From the entries that follow, copy exactly the lines beginning at the line holding "move=> /andP [_ /forall_inP B_conn] xB xA." and continuing through the line holding "(subrel_induced (subsetUl A B)).".

[Opening MATERIAL FOR THE TASK section]

(* Let $F$ be an unsatisfiable CNF formula not containing the variables $x$ and $y$, and let $f^x_y(F) = \{x,\ \neg x \vee y\} \cup \{\neg y \vee \delta \mid \delta \in F\}$. Then every minimum-size regular resolution proof of $f^x_y(F)$ contains exactly one resolution step on $x$, and this step can be pushed to the leaf level, i.e., the proof can be transformed, without changing its size, into a regular resolution proof of $f^x_y(F)$ in which the resolution on $x$ is the resolution of the two leaf clauses $x$ and $\neg x \vee y$.
   Context: The resolution rule derives from clauses $\alpha \vee z$ and $\beta \vee \neg z$ the resolvent $\alpha \vee \beta$ (resolving on $z$). A resolution proof of a CNF formula $F$ is a directed acyclic graph whose nodes are clauses, whose leaves are clauses of $F$, in which each internal node is the resolvent of its two parents, and whose root is the empty clause. It is regular if no path from the root to a leaf contains two resolution steps on the same variable. The size of a proof is its number of clauses (nodes); an optimal proof is one of minimum size. *)

From HB Require Import structures.
From mathcomp Require Import all_boot all_order finmap.
Set Implicit Arguments. Unset Strict Implicit. Unset Printing Implicit Defensive.
Local Open Scope fset_scope.

(* A literal is a pair (variable, polarity): (v, true) = v, (v, false) = ~v. *)
Definition lit := (nat * bool)%type.
Definition clause := {fset lit}.
Definition cnf := seq clause.

Definition sat_clause (a : nat -> bool) (c : clause) : bool :=
  [exists l : c, a (val l).1 == (val l).2].
Definition satisfiable (F : cnf) : Prop :=
  exists a : nat -> bool, all (sat_clause a) F.
Definition unsatisfiable (F : cnf) : Prop := ~ satisfiable F.
Lemma connect_touchingU1 S x :
  connect (touching e (S :|: [set x])) =2
  connect (add_clique (touching e S) (closed_nbhd x)).
Proof.
apply: (connect_add_clique_hub (connect_sym_touching _)) => [a b|a b|u].
- rewrite /add_clique /touching !inE => /andP [ab].
  case: (eqVneq a x) => [<-|_]; first by rewrite ab !orbT.
  case: (eqVneq b x) => [<-|_]; first by rewrite [e b a]e_sym ab !orbT.
  by rewrite !orbF ab => ->.
- by rewrite /touching !inE => /andP [-> /orP [->|->]]; rewrite ?orbT.
- rewrite !inE => /orP [/eqP-> //|xu].
  by apply: connect1; rewrite /touching xu !inE eqxx orbT.
Qed.

Lemma connect_inducedU1 S x :
  connect (induced e (S :|: [set x])) =2
  connect (add_clique (induced e S) (closed_nbhd_in S x)).
Proof.
apply: (connect_add_clique_hub (connect_sym_induced _)) => [a b|a b|u].
- rewrite /add_clique /induced !inE => /and3P [aSx bSx ab].
  have aS : a != x -> a \in S by move/negbTE => xa; rewrite xa orbF in aSx.
  have bS : b != x -> b \in S by move/negbTE => xb; rewrite xb orbF in bSx.
  have [ax|xa] := eqVneq a x; have [bx|xb] := eqVneq b x.
  + by move: ab; rewrite ax bx e_irr.
  + by rewrite -ax ab bS ?orbT.
  + by rewrite -bx [e b a]e_sym ab aS ?orbT.
  + by rewrite aS ?bS ?ab.
- by rewrite /induced !inE => /and3P [-> -> ->].
- rewrite !inE => /orP [/eqP-> //|/andP [uS xu]].
  by apply: connect1; rewrite /induced !inE eqxx uS xu orbT.
Qed.

Lemma q_setU1 S x :
  (q e (S :|: [set x]) + ncomp_meeting (touching e S) (closed_nbhd x) = q e S + 1)%N.
Proof.
rewrite -(ncomp_add_clique (connect_sym_touching S) (closed_nbhd_neq0 x)).
by congr (_ + _)%N; apply: ncomp_congr; apply: connect_touchingU1.
Qed.

Lemma component_induced_in S x : x \in S ->
  component (induced e S) x = [set y in S | connect (induced e S) x y].
Proof.
move=> xS; apply/setP => y; rewrite !inE.
case: (boolP (connect _ x y)) => [xy|]; last by rewrite andbF.
have S_closed : closed (induced e S) S by move=> a b /and3P [-> -> _].
by rewrite -(closed_connect S_closed xy) xS.
Qed.

Lemma component_induced_out S x : x \notin S -> component (induced e S) x = [set x].
Proof.
move=> xS; apply/setP => y; rewrite !inE; apply/idP/eqP => [|->]; last exact: connect0.
by apply: connect_isolated => z; rewrite /induced (negbTE xS).
Qed.

(* Outside S the induced relation has no edges, so each such vertex is its own component. *)
Lemma ncomp_induced S : ncomp (induced e S) = (p e S + #|~: S|)%N.
Proof.
set P1 := [set [set y in S | connect (induced e S) x y] | x in S].
set P2 := [set [set x] | x in ~: S].
have compsE : [set component (induced e S) x | x : V] = P1 :|: P2.
  apply/setP => C; rewrite inE; apply/imsetP/orP => [[a _ ->]|].
    case: (boolP (a \in S)) => aS.
      by left; rewrite component_induced_in // imset_f.
    by right; rewrite component_induced_out // imset_f // inE.
  case=> /imsetP [a aS ->]; exists a => //; first by rewrite component_induced_in.
  by rewrite component_induced_out // -in_setC.
have P12 : P1 :&: P2 = set0.
  apply/setP => C; rewrite !inE; apply/negbTE/negP.
  case/andP => /imsetP [a aS ->] /imsetP [b bS Eb].
  have : b \in [set y in S | connect (induced e S) a y] by rewrite Eb set11.
  by rewrite inE; move: bS; rewrite inE => /negbTE->.
have := cardsUI P1 P2; rewrite P12 cards0 addn0 /ncomp compsE => ->.
by rewrite (card_imset _ set1_inj).
Qed.

Lemma p_setU1 S x : x \notin S ->
  (p e (S :|: [set x]) + ncomp_meeting (induced e S) (closed_nbhd_in S x) = p e S + 2)%N.
Proof.
move=> xS; have := ncomp_add_clique (connect_sym_induced S) (closed_nbhd_in_neq0 S x).
rewrite -(ncomp_congr (connect_inducedU1 S x)) !ncomp_induced.
have := cardsC S; have := cardsC (S :|: [set x]); rewrite setUC cardsU1 xS.
lia.
Qed.

Lemma subrel_touching A S : A \subset S -> subrel (touching e A) (touching e S).
Proof.
move=> /subsetP AS a b /andP [ab aAbA]; rewrite /touching ab.
by case/orP: aAbA => /AS->; rewrite ?orbT.
Qed.

Lemma subrel_induced A S : A \subset S -> subrel (induced e A) (induced e S).
Proof.
by move=> /subsetP AS a b /and3P [/AS aS /AS bS ab]; rewrite /induced aS bS ab.
Qed.

Definition qp S := (q e S + p e S)%N.

Lemma qp_setU1 S x : x \notin S ->
  (qp (S :|: [set x]) + ncomp_meeting (touching e S) (closed_nbhd x)
     + ncomp_meeting (induced e S) (closed_nbhd_in S x) = qp S + 3)%N.
Proof. by move=> xS; have := q_setU1 S x; have := p_setU1 xS; rewrite /qp; lia. Qed.

Lemma closed_nbhd_inU A B x :
  closed_nbhd_in (A :|: B) x = closed_nbhd_in A x :|: [set u in B | e x u].
Proof. by apply/setP => u; rewrite !inE andb_orl orbA. Qed.

(* Growing A to A :|: B can only merge components, except that x may gain the
   neighbours it has in B, which all lie in the single component containing B. *)
Lemma qp_submod A B x : connected_set e B -> x \notin B -> x \notin A ->
  (qp (A :|: [set x]) + qp (A :|: B) <= qp (A :|: B :|: [set x]) + qp A + 1)%N.
Proof.
move=> /andP [_ /forall_inP B_conn] xB xA.
have xAB : x \notin A :|: B by rewrite inE negb_or xA xB.
have := qp_setU1 xA; have := qp_setU1 xAB.
have := ncomp_meeting_subrel (connect_sym_touching _) (closed_nbhd x)
          (subrel_touching (subsetUl A B)).
have := ncomp_meeting_subrel (connect_sym_induced _) (closed_nbhd_in A x)
          (subrel_induced (subsetUl A B)).
have : (ncomp_meeting (induced e (A :|: B)) [set u in B | e x u] <= 1)%N.
  apply: (ncomp_meeting_le1 (connect_sym_induced _)) => y z.
  rewrite !inE => /andP [yB _] /andP [zB _].
  apply: connect_sub (forall_inP (B_conn y yB) z zB) => a b ab.
  exact/connect1/(subrel_induced (subsetUr A B)).
have := ncomp_meetingU (induced e (A :|: B)) (closed_nbhd_in A x) [set u in B | e x u].
rewrite -closed_nbhd_inU; lia.
Qed.

Section NoIsolatedVertex.
Hypothesis e_nonisolated : forall x, exists u, e x u.

(* If x has a neighbour u in S, then x, isolated in G[S], and u are in different
   components of G[S]; otherwise x is isolated in the touching graph of S. *)
Lemma qp_setU1_le S x : x \notin S -> (qp (S :|: [set x]) <= qp S)%N.
Proof.
move=> xS; have := qp_setU1 xS.
have nbr_neq u : e x u -> u != x by apply: contraTneq => ->; rewrite e_irr.
have := ncomp_meeting_gt0 (touching e S) (closed_nbhd_neq0 x).
have := ncomp_meeting_gt0 (induced e S) (closed_nbhd_in_neq0 S x).
case: (boolP [exists u, (u \in S) && e x u]) => [/existsP [u /andP [uS xu]]|no_nbr].
  suff : (1 < ncomp_meeting (induced e S) (closed_nbhd_in S x))%N by lia.
  apply: (@ncomp_meeting_isolated_gt1 _ _ _ x u);
    rewrite ?nbr_neq // ?inE ?eqxx ?uS ?xu ?orbT //.
  by move=> z; rewrite /induced (negbTE xS).
have [u xu] := e_nonisolated x.
suff : (1 < ncomp_meeting (touching e S) (closed_nbhd x))%N by lia.
apply: (@ncomp_meeting_isolated_gt1 _ _ _ x u);
  rewrite ?nbr_neq // ?inE ?eqxx ?xu ?orbT //.
move=> z; rewrite /touching (negbTE xS) /=; apply: contra no_nbr => /andP [xz zS].
by apply/existsP; exists z; rewrite zS xz.
Qed.

Lemma qp_mono A B : A \subset B -> (qp B <= qp A)%N.
Proof.
move Hn : #|B :\: A| => n; elim: n A Hn => [|n IH] A Hn AB.
  suff -> : B = A by [].
  by apply/eqP; rewrite eqEsubset AB andbT -setD_eq0 -cards_eq0 Hn.
have [x] : exists x, x \in B :\: A by apply/set0Pn; rewrite -cards_eq0 Hn.
rewrite inE => /andP [xA xB].
apply: leq_trans (qp_setU1_le xA); apply: IH; last by rewrite subUset AB sub1set.
by move: Hn; rewrite -setDDl (cardsD1 x (B :\: A)) !inE xA xB => -[].
Qed.

End NoIsolatedVertex.

End ComponentCounts.

Local Open Scope ring_scope.

Lemma min_increment_antitone (R : realDomainType) (m a s d : R) : a <= s -> 0 <= d ->
  Num.min m (s + d) - Num.min m s <= Num.min m (a + d) - Num.min m a.
Proof. by move=> as_ d0; rewrite !minEle; do !case: ifP; lra. Qed.

Section Coverage.
Variables (V : finType) (e : rel V) (w : V -> V -> rat).
Hypothesis w_ge0 : forall x y, e x y -> 0 <= w x y.
Implicit Types (S T A : {set V}) (x v : V).

Lemma WA_mono S T v : S \subset T -> WA e w S v <= WA e w T v.
Proof.
move=> /subsetP ST; rewrite /WA big_mkcond [X in _ <= X]big_mkcond /=.
apply: ler_sum => u _.
case: (boolP (u \in S)) => [/ST-> //|_].
by case: ifP => // /andP [_ /w_ge0].
Qed.

Lemma WA_setU1 S x v : x \notin S ->
  WA e w (S :|: [set x]) v = WA e w S v + (if e v x then w v x else 0).
Proof. by move=> xS; rewrite /WA !big_mkcondr /= setUC big_setU1 //= addrC. Qed.

Lemma hA_in S v : v \in S -> hA e w S v = Wt e w v / 2%:R.
Proof. by rewrite /hA => ->. Qed.

Lemma hA_notin S v : v \notin S -> hA e w S v = Num.min (Wt e w v / 2%:R) (WA e w S v).
Proof. by rewrite /hA minEle => /negbTE->. Qed.

Lemma hA_le S v : hA e w S v <= Wt e w v / 2%:R.
Proof.
by case: (boolP (v \in S)) => vS; [rewrite hA_in | rewrite hA_notin // ge_min lexx].
Qed.

Lemma hA_mono S T v : S \subset T -> hA e w S v <= hA e w T v.
Proof.
move=> ST; case: (boolP (v \in T)) => vT; first by rewrite (hA_in vT) hA_le.
have vS : v \notin S by apply: contra vT; apply: (subsetP ST).
by rewrite !hA_notin // le_min !ge_min lexx WA_mono ?orbT.
Qed.

Lemma hA_submod A S x v : A \subset S -> x \notin S ->
  hA e w (S :|: [set x]) v - hA e w S v <= hA e w (A :|: [set x]) v - hA e w A v.
Proof.
move=> AS xS; have xA : x \notin A by apply: contra xS; apply: (subsetP AS).
have x_inU T : x \in T :|: [set x] by rewrite inE set11 orbT.
have [->|vx] := eqVneq v x.
  by rewrite !(hA_in (x_inU _)) lerD2l lerN2 hA_mono.
case: (boolP (v \in S)) => vS.
  have vSx : v \in S :|: [set x] by rewrite inE vS.
  by rewrite (hA_in vS) (hA_in vSx) subrr subr_ge0 hA_mono ?subsetUl.
have vA : v \notin A by apply: contra vS; apply: (subsetP AS).
rewrite !hA_notin ?inE ?negb_or ?vS ?vA ?vx // !WA_setU1 //.
apply: min_increment_antitone; first exact: WA_mono.
by case: ifP => // /w_ge0.
Qed.

Lemma h_mono A S : A \subset S -> h e w A <= h e w S.
Proof. by move=> AS; apply: ler_sum => v _; apply: hA_mono. Qed.

Lemma h_submod A S x : A \subset S -> x \notin S ->
  h e w (S :|: [set x]) - h e w S <= h e w (A :|: [set x]) - h e w A.
Proof. by move=> AS xS; rewrite /h -!sumrB; apply: ler_sum => v _; apply: hA_submod. Qed.

End Coverage.

Section Objective.
Variables (V : finType) (e : rel V) (w : V -> V -> rat).
Hypothesis hg : weighted_graph e w.
Implicit Types (A B S : {set V}) (x : V).

Let e_irr : irreflexive e. Proof. by case: hg => H _ _ _ _ x; apply/negbTE. Qed.
Let e_sym : symmetric e. Proof. by case: hg. Qed.
Let w_ge0 x y : e x y -> 0 <= w x y. Proof. by case: hg => _ _ _ H _ /H/ltW. Qed.
Let e_nonisolated x : exists u, e x u. Proof. by case: hg. Qed.

Lemma cE S : c e w S = (#|V|%:R - (qp e S)%:R) / (LL e w)%:R.
Proof. by rewrite /c /qp natrD opprD addrA. Qed.

Lemma c_mono A B : A \subset B -> c e w A <= c e w B.
Proof.
move=> AB; rewrite !cE ler_wpM2r ?invr_ge0 ?ler0n // lerD2l lerN2 ler_nat.
exact: qp_mono.
Qed.

Lemma c_submod A B x : connected_set e B -> x \notin B -> x \notin A ->
  c e w (A :|: B :|: [set x]) - c e w (A :|: B)
    <= c e w (A :|: [set x]) - c e w A + 1 / (LL e w)%:R.
Proof.
move=> B_conn xB xA.
have qp_le : (qp e (A :|: [set x]))%:R + (qp e (A :|: B))%:R
             <= (qp e (A :|: B :|: [set x]))%:R + (qp e A)%:R + 1 :> rat.
  by rewrite -!natrD natr1 ler_nat -addn1; apply: qp_submod.
rewrite !cE div1r; set ell := (LL e w)%:R^-1.
have : 0 <= ((qp e (A :|: B :|: [set x]))%:R + (qp e A)%:R + 1
              - (qp e (A :|: [set x]))%:R - (qp e (A :|: B))%:R) * ell.
  by rewrite mulr_ge0 ?invr_ge0 ?ler0n //; lra.
lra.
Qed.

Lemma f_mono A B : A \subset B -> f e w A <= f e w B.
Proof. by move=> AB; rewrite lerD ?h_mono ?c_mono. Qed.

Lemma f_submod A B x : connected_set e B -> x \notin B ->
  f e w (A :|: B :|: [set x]) - f e w (A :|: B)
    <= f e w (A :|: [set x]) - f e w A + 1 / (LL e w)%:R.
Proof.
move=> B_conn xB; case: (boolP (x \in A)) => xA.
  have xAB : x \in A :|: B by rewrite inE xA.
  rewrite !(setUidPl _ : _ :|: [set x] = _) ?sub1set //.
  by rewrite !subrr add0r div1r invr_ge0 ler0n.
have xAB : x \notin A :|: B by rewrite inE negb_or xA xB.
have := h_submod w_ge0 (subsetUl A B) xAB.
have := c_submod B_conn xB xA.
rewrite /f; lra.
Qed.

End Objective.

Theorem mainTheorem18 (V : finType) (e : rel V) (w : V -> V -> rat) :
  weighted_graph e w ->
  (forall A B : {set V}, A \subset B -> f e w A <= f e w B) /\
  (forall (A B : {set V}) (x : V), connected_set e B -> x \notin B ->
     f e w (A :|: B :|: [set x]) - f e w (A :|: B)
       <= f e w (A :|: [set x]) - f e w A + 1 / (LL e w)%:R).
Proof. by move=> hg; split; [exact: f_mono | exact: f_submod]. Qed.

[Closing MATERIAL FOR THE TASK section]

**TASK RESULT:**
move=> /andP [_ /forall_inP B_conn] xB xA.
have xAB : x \notin A :|: B by rewrite inE negb_or xA xB.
have := qp_setU1 xA; have := qp_setU1 xAB.
have := ncomp_meeting_subrel (connect_sym_touching _) (closed_nbhd x)
          (subrel_touching (subsetUl A B)).
have := ncomp_meeting_subrel (connect_sym_induced _) (closed_nbhd_in A x)
          (subrel_induced (subsetUl A B)).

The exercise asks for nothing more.